The pipeline is a crucial backend infrastructure for erstwhile Essar Steel India Ltd, which was renamed as AMNS India Ltd, after ArcelorMittal and Nippon Steel jointly acquired the company by a separate insolvency process in December 2019.

SIFL, which now itself is undergoing insolvency process, challenged the resolution plan approved in March 2020 by National Company Law Tribunal’s Cuttack bench as a financial creditor to OSPIL on the grounds that the plan discriminates in the matter of distribution of money between similarly placed financial creditors, negates personal guarantee of promoter, fails to maximise value for the creditors and consider the user charges that were due and payable by ESIL to OSPIL under the right to use agreement.

SIFL had an admitted claim of Rs 549.76 crore while it received Rs 321.6 crore, the entire principal sum but not the interest thereon.

SMAIT’s case

Acting as an Alternate Investment Fund, Srei Multiple Asset Investment Trust invested in OSPIL through a fund, holding 69.8 per cent stake in the pipeline company. The balance share was held by ESIL itself.

The Trust made an audacious claim before the tribunal that AMIPL is an ineligible resolution applicant under section 29(A) of Insolvency and Bankruptcy Code.
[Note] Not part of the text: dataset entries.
(* Let $S$ be a random subset of a finite set $V$ and let $u\in V$. Suppose that the events $\{u'\in S\}$ for $u'\ne u$ are jointly independent of the event $\{u\in S\}$. Let $s$ be an element of $S$ chosen uniformly at random (if $S=\varnothing$, $s$ is undefined). Then $\Pr[u=s]\ge\Pr[u\in S]/(\mathbb{E}[|S|]+1)$. *)

From HB Require Import structures.
From mathcomp Require Import all_boot all_order all_algebra.
Set Implicit Arguments. Unset Strict Implicit. Unset Printing Implicit Defensive.
Import Order.TTheory GRing.Theory Num.Theory.
Local Open Scope ring_scope.

(* A random subset S of the finite set V: a probability distribution
   P on {set V}. *)
Definition is_distr (R : realFieldType) (V : finType) (P : {ffun {set V} -> R}) :=
  (forall S, 0 <= P S) /\ \sum_(S : {set V}) P S = 1.

Definition prob (R : realFieldType) (V : finType) (P : {ffun {set V} -> R})
  (E : pred {set V}) : R := \sum_(S : {set V} | E S) P S.

Definition exp_card (R : realFieldType) (V : finType) (P : {ffun {set V} -> R}) : R :=
  \sum_(S : {set V}) P S * #|S|%:R.

(* The family of events {u' in S}, u' <> u, is (jointly) independent of the
   event {u in S}: every event determined by (1[u' in S])_{u' <> u}, i.e. by
   S :\ u, is independent of {u in S}. *)
Definition indep_rest (R : realFieldType) (V : finType) (P : {ffun {set V} -> R})
  (u : V) :=
  forall A : {set {set V}},
    prob P (fun S => (S :\ u \in A) && (u \in S))
    = prob P (fun S => S :\ u \in A) * prob P (fun S => u \in S).

(* Pr[u = s], where s is uniform in S (given S); the case S = set0
   contributes nothing since then u \notin S. *)
Definition prob_pick (R : realFieldType) (V : finType) (P : {ffun {set V} -> R})
  (u : V) : R :=
  \sum_(S : {set V} | u \in S) P S * (#|S|%:R)^-1.

(* Given S :\ u, the pick s equals u with probability 1/(|S :\ u| + 1) when u is in S,
   and independence lets us drop the conditioning on u \in S:
   Pr[u = s] = Pr[u \in S] * E[1/(|S :\ u| + 1)].  By Jensen's inequality for the
   convex map x |-> 1/(x + 1), the expectation is at least 1/(E|S :\ u| + 1), and
   E|S :\ u| <= E|S|. *)
From HB Require Import structures.
From mathcomp Require Import all_boot all_order all_algebra.
From mathcomp Require Import ring lra.
Set Implicit Arguments. Unset Strict Implicit. Unset Printing Implicit Defensive.
Import Order.TTheory GRing.Theory Num.Theory.
Local Open Scope ring_scope.

Lemma inv_addr1_ge_tangent (R : realFieldType) (x m : R) : 0 <= x -> 0 <= m ->
  (m + 1)^-1 - (x - m) / (m + 1) ^+ 2 <= (x + 1)^-1.
Proof.
move=> x0 m0; rewrite -subr_ge0.
have -> : (x + 1)^-1 - ((m + 1)^-1 - (x - m) / (m + 1) ^+ 2)
    = (x - m) ^+ 2 / ((x + 1) * (m + 1) ^+ 2).
  by field; rewrite !gt_eqF //; lra.
by rewrite divr_ge0 ?sqr_ge0 ?mulr_ge0 ?sqr_ge0 //; lra.
Qed.

Lemma jensen_inv_addr1 (R : realFieldType) (I : finType) (w x : I -> R) :
  (forall i, 0 <= w i) -> (forall i, 0 <= x i) -> \sum_i w i = 1 ->
  (\sum_i w i * x i + 1)^-1 <= \sum_i w i / (x i + 1).
Proof.
move=> w0 x0 w1; set m := \sum_i w i * x i.
have m0 : 0 <= m by apply: sumr_ge0 => i _; rewrite mulr_ge0.
have tangent_sum : \sum_i w i * ((m + 1)^-1 - (x i - m) / (m + 1) ^+ 2)
    = (m + 1)^-1.
  under eq_bigr do rewrite mulrBr mulrA mulrBr.
  rewrite sumrB -!mulr_suml sumrB -mulr_suml w1 -/m; ring.
rewrite -tangent_sum; apply: ler_sum => i _.
by rewrite ler_wpM2l ?inv_addr1_ge_tangent.
Qed.

Section RandomSubset.

Variables (R : realFieldType) (V : finType) (P : {ffun {set V} -> R}) (u : V).

Lemma prob_pick_rest :
  prob_pick P u = \sum_(S : {set V} | u \in S) P S / (#|S :\ u|%:R + 1).
Proof.
apply: eq_bigr => S uS; congr (_ * _^-1).
by rewrite [#|S|](cardsD1 u) uS natrD addrC.
Qed.

(* Summing first over the value T of S :\ u reduces the claim to the events {S :\ u = T}. *)
Lemma indep_rest_sum (g : {set V} -> R) : indep_rest P u ->
  \sum_(S : {set V} | u \in S) P S * g (S :\ u)
    = prob P (fun S => u \in S) * \sum_(S : {set V}) P S * g (S :\ u).
Proof.
move=> indep.
have by_rest (C : pred {set V}) : \sum_(S : {set V} | C S) P S * g (S :\ u)
    = \sum_(T : {set V}) g T * prob P (fun S => (S :\ u \in [set T]) && C S).
  rewrite (partition_big (fun S => S :\ u) predT) //=.
  apply: eq_bigr => T _; rewrite /prob mulr_sumr.
  rewrite [RHS](eq_bigl (fun S => C S && (S :\ u == T))); last first.
    by move=> S; rewrite in_set1 andbC.
  by apply: eq_bigr => S /andP[_ /eqP ->]; rewrite mulrC.
rewrite by_rest (by_rest predT) mulr_sumr; apply: eq_bigr => T _.
have -> : prob P (fun S => (S :\ u \in [set T]) && predT S)
    = prob P (fun S => S :\ u \in [set T]) by apply: eq_bigl => S; rewrite andbT.
by rewrite indep; ring.
Qed.

Lemma exp_card_rest_le : (forall S, 0 <= P S) ->
  \sum_(S : {set V}) P S * #|S :\ u|%:R <= exp_card P.
Proof.
move=> P0; apply: ler_sum => S _; rewrite ler_wpM2l // ler_nat.
exact/subset_leq_card/subsetDl.
Qed.

End RandomSubset.

Theorem mainTheorem9 (R : realFieldType) (V : finType) (P : {ffun {set V} -> R})
  (u : V) :
  is_distr P -> indep_rest P u ->
  prob_pick P u >= prob P (fun S => u \in S) / (exp_card P + 1).
Proof.
move=> [P0 P1] indep.
have p0 : 0 <= prob P (fun S => u \in S) by apply: sumr_ge0.
have jensen := @jensen_inv_addr1 _ _ P (fun S => #|S :\ u|%:R) P0 (fun S => ler0n _ _) P1.
have m0 : 0 <= \sum_(S : {set V}) P S * #|S :\ u|%:R.
  by apply: sumr_ge0 => S _; rewrite mulr_ge0.
rewrite prob_pick_rest (@indep_rest_sum _ _ P u (fun T => (#|T|%:R + 1)^-1)) //.
rewrite ler_wpM2l //; apply: le_trans jensen.
have rest_le := exp_card_rest_le u P0.
by rewrite lef_pV2 ?posrE ?lerD2r //; lra.
Qed.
It was submitted Essar, a shareholder in the pipeline company, was an ‘undischarged insolvent’. Being now the owner of Essar, AMIPL becomes a connected person of Essar and an ineligible resolution applicant.

It also says that OSPIL is entitled to recover over Rs 1800 crores under RTU agreement form Essar and AMIPL is obligated to make such payments being CIRP costs under insolvency process of Essar.

The submission was countered by pointing out that CoC of OSPIL approved the resolution plan before AMIPL took over Essar and therefore cannot be treated or classified as a connected person.

The bench concurred. “All the issues answered against the appellant. In view of the aforesaid reasons, the appellant has not made out any case and a futile exercise in filing this appeal. The appeal is devoid of merit and liable to be dismissed.”

The bench also dismissed three other appeals connected to the case including one by GST Authority.